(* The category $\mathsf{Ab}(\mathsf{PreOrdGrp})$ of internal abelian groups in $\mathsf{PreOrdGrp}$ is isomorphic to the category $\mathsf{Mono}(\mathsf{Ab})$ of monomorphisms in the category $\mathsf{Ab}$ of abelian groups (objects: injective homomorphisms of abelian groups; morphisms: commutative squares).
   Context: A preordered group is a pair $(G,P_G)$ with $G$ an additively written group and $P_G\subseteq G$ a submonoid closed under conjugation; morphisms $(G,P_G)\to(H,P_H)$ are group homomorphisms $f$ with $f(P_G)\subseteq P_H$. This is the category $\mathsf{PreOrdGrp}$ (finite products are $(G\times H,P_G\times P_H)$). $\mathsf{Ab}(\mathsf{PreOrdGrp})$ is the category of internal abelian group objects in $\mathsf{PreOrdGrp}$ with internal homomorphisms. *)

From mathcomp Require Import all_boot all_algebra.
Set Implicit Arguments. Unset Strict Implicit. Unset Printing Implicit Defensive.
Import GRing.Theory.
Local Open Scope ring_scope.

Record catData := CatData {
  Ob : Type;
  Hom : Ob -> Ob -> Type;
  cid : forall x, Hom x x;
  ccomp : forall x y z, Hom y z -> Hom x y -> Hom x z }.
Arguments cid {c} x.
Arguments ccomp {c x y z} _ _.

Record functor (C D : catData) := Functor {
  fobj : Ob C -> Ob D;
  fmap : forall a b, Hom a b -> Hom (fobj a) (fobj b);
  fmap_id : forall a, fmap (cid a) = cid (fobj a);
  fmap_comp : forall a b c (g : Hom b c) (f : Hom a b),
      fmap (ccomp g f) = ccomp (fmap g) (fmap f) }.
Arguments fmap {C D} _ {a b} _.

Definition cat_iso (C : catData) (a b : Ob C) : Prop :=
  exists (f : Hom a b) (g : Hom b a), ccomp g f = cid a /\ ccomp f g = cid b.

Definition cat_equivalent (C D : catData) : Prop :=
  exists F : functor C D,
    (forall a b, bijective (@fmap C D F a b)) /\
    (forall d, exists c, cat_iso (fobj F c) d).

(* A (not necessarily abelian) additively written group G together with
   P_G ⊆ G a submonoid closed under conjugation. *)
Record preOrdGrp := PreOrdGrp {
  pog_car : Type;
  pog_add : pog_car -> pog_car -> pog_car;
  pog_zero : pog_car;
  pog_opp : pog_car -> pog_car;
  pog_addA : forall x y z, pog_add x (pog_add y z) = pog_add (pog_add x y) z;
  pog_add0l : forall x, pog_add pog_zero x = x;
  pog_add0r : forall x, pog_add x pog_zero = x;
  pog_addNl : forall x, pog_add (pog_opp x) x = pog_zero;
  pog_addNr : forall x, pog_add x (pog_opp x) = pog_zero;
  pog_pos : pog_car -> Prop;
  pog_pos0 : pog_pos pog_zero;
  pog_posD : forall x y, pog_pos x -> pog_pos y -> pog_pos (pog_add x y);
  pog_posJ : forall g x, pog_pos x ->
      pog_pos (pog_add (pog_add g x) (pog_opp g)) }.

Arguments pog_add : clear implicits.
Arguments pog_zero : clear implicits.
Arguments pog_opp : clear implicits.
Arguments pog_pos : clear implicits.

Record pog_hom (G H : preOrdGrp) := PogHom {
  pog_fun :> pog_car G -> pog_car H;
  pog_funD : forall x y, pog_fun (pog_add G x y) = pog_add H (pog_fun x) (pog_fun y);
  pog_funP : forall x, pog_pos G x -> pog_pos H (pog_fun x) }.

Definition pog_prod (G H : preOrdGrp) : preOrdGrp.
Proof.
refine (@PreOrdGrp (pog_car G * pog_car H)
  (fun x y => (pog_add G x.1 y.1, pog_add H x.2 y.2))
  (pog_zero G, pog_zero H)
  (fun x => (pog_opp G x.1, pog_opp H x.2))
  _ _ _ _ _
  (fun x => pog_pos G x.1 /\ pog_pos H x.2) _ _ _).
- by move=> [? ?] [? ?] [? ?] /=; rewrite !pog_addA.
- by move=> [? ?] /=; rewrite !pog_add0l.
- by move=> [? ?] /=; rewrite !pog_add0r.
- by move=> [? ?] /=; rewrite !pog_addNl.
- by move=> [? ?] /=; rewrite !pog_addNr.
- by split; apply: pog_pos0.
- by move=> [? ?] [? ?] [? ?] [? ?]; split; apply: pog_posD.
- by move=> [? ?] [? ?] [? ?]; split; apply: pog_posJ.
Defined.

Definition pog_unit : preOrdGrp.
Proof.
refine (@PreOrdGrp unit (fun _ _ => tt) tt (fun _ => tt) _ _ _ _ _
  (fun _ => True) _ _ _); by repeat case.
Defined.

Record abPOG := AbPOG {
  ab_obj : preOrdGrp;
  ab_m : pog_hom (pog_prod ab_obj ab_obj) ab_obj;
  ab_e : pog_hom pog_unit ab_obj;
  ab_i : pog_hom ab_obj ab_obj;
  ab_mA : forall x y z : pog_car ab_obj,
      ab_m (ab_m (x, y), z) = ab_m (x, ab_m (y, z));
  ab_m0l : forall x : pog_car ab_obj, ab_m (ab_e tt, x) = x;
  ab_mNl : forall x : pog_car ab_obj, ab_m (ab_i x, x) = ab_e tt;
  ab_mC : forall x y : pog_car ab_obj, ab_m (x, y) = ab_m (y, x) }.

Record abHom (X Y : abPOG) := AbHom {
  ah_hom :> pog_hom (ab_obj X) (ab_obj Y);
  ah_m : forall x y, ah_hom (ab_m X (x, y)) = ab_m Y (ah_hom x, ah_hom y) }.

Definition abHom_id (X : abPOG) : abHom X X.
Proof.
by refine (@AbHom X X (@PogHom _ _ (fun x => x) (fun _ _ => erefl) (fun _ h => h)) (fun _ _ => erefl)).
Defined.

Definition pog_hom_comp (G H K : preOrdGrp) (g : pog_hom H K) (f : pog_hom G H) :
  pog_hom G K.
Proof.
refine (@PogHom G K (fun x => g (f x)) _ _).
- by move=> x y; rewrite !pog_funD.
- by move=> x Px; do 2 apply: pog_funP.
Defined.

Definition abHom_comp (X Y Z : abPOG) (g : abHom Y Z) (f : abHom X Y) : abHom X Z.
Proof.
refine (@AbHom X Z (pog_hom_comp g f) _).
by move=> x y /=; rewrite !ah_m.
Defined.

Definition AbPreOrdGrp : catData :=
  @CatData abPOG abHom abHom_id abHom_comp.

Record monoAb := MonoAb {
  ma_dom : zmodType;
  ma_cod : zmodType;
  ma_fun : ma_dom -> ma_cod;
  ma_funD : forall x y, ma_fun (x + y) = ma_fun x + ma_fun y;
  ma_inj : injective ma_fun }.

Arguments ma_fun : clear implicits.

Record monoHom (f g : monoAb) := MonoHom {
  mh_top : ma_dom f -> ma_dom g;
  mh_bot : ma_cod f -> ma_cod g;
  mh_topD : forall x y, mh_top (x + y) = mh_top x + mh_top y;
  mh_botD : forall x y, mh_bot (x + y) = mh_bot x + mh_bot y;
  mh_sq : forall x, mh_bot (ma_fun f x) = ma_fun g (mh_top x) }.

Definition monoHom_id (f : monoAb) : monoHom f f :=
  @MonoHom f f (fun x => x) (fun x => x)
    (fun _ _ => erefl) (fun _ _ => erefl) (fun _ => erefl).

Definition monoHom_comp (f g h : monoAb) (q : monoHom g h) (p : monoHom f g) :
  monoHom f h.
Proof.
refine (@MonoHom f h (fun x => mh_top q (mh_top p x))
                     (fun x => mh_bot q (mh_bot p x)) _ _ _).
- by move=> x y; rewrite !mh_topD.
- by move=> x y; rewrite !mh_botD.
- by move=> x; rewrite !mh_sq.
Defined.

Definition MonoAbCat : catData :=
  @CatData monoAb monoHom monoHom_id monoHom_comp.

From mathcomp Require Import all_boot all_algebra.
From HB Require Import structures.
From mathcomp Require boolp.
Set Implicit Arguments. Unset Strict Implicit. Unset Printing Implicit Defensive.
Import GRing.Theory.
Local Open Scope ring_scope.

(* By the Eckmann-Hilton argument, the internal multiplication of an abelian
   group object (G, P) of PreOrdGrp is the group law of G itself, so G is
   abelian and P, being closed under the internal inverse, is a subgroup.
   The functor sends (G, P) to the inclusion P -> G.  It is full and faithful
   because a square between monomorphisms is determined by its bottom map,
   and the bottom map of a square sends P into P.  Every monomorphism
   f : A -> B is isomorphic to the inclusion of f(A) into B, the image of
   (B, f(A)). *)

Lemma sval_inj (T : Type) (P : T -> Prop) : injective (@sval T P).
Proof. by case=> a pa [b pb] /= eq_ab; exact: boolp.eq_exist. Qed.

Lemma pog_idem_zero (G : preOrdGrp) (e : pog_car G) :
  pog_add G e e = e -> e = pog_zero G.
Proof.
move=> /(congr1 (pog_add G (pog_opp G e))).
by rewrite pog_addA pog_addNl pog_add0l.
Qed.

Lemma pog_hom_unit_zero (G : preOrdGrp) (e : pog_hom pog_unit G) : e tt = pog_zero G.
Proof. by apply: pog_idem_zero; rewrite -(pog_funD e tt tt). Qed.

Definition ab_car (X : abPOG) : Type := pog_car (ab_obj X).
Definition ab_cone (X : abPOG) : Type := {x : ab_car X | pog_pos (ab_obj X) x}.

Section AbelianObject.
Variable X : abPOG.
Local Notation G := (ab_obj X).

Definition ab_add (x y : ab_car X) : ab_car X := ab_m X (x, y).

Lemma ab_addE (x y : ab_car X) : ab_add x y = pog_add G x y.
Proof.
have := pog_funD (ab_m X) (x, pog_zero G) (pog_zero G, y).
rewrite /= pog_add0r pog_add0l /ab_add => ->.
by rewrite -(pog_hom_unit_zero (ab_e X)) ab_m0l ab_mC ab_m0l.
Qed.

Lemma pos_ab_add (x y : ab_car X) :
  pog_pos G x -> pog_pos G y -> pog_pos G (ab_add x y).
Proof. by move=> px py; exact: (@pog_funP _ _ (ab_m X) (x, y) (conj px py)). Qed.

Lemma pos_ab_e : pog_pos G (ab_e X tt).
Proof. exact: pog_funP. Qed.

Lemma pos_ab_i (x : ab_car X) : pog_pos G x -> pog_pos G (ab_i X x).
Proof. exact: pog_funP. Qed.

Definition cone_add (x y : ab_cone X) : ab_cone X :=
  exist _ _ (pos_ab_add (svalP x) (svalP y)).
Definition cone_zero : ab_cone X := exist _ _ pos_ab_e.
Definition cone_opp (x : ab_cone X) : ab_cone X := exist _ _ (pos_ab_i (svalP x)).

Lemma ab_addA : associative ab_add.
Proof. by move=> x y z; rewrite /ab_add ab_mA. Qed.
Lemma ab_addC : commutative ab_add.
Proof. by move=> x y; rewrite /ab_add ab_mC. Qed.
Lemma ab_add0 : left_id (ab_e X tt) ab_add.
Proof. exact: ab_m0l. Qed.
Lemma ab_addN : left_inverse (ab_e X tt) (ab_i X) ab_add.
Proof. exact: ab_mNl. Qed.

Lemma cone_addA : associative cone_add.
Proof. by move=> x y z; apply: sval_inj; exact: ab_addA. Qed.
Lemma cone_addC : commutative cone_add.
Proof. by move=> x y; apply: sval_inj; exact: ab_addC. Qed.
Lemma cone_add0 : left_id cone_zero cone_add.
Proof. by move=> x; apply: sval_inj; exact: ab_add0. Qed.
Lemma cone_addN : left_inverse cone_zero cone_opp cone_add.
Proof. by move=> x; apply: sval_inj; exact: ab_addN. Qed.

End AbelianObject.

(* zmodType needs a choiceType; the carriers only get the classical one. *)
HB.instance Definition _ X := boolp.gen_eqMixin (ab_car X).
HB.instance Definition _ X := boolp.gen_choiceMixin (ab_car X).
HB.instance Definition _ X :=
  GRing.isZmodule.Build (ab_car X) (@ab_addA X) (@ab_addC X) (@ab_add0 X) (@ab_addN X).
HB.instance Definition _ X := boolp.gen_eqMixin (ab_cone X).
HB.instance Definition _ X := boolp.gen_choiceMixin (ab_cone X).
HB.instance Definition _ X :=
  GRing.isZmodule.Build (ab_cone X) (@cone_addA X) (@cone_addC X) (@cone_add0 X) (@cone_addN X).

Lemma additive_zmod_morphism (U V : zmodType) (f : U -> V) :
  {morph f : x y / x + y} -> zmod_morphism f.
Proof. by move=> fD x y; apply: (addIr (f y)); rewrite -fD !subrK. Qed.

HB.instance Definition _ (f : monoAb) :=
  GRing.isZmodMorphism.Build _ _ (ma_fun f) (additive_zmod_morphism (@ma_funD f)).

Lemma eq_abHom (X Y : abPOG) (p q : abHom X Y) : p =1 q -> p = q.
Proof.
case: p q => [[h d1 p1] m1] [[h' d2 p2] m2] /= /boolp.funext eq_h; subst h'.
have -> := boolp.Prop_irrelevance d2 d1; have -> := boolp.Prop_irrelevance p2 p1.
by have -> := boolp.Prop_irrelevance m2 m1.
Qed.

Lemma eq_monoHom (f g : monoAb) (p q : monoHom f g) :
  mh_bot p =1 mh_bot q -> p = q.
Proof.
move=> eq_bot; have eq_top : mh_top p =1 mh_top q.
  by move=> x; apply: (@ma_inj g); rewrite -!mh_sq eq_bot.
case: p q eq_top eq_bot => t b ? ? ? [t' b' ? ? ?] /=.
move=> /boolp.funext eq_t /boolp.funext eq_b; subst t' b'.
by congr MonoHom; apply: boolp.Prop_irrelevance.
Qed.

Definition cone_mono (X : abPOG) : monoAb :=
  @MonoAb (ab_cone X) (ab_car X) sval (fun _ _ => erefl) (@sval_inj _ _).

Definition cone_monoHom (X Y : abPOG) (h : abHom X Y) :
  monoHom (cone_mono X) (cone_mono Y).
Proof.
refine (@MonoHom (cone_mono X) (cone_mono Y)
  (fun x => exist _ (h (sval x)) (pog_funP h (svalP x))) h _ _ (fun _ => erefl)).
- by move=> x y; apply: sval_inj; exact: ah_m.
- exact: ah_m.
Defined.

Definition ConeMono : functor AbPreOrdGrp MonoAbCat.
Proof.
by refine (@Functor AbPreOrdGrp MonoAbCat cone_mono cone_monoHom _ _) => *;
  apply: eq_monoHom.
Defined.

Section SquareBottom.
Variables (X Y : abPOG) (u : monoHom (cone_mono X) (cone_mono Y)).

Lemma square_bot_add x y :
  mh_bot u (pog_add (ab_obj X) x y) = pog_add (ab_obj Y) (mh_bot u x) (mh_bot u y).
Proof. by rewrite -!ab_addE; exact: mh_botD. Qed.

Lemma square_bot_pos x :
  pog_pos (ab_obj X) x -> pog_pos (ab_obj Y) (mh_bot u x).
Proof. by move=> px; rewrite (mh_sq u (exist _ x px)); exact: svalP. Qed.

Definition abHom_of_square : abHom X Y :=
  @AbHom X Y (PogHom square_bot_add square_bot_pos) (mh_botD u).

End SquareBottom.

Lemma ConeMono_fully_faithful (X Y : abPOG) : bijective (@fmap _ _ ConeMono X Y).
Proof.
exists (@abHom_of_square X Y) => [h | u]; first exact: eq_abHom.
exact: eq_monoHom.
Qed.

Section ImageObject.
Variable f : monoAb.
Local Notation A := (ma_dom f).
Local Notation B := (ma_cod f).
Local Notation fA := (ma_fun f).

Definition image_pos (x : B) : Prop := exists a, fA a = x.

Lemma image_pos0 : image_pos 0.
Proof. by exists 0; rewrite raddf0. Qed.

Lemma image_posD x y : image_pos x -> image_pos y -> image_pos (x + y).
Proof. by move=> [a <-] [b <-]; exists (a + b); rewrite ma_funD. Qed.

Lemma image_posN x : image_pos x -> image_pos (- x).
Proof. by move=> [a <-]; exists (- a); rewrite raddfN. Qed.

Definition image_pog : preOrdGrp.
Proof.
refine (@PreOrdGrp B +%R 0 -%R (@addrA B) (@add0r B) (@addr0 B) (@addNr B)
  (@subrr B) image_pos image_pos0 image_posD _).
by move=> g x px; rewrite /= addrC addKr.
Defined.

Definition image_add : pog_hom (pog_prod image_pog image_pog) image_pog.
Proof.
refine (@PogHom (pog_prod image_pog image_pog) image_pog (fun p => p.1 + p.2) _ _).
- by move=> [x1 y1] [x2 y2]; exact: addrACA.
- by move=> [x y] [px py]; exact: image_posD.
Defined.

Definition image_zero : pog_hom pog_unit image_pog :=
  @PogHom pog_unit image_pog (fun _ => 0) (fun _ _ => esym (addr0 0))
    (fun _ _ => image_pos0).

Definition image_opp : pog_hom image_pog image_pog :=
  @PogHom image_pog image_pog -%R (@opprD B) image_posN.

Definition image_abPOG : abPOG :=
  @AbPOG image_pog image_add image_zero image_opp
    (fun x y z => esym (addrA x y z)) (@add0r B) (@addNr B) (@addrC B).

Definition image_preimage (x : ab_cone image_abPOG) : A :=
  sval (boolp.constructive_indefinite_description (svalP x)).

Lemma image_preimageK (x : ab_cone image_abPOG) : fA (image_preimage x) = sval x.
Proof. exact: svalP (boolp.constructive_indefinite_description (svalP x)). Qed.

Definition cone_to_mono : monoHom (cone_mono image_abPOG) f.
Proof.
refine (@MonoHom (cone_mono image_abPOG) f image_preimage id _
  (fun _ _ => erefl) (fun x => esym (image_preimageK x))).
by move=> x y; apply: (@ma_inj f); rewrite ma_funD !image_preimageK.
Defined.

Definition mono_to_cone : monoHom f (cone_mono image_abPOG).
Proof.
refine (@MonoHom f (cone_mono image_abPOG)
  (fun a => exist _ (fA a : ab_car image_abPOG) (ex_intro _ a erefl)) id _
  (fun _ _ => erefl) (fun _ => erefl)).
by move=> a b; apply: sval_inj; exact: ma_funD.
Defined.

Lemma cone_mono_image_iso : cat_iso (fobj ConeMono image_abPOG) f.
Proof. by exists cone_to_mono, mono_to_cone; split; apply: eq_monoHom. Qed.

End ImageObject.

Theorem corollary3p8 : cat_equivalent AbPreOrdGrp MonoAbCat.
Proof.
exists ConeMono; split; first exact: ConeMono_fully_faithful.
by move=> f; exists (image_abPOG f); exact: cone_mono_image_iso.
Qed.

══════════

> Exercise aim: Of all the entries above, output exactly the lines between the one holding "ab_m (ab_m (x, y), z)" and the one holding "ab_mC : forall", inclusive.

> The answer:
      ab_m (ab_m (x, y), z) = ab_m (x, ab_m (y, z));
  ab_m0l : forall x : pog_car ab_obj, ab_m (ab_e tt, x) = x;
  ab_mNl : forall x : pog_car ab_obj, ab_m (ab_i x, x) = ab_e tt;
  ab_mC : forall x y : pog_car ab_obj, ab_m (x, y) = ab_m (y, x) }.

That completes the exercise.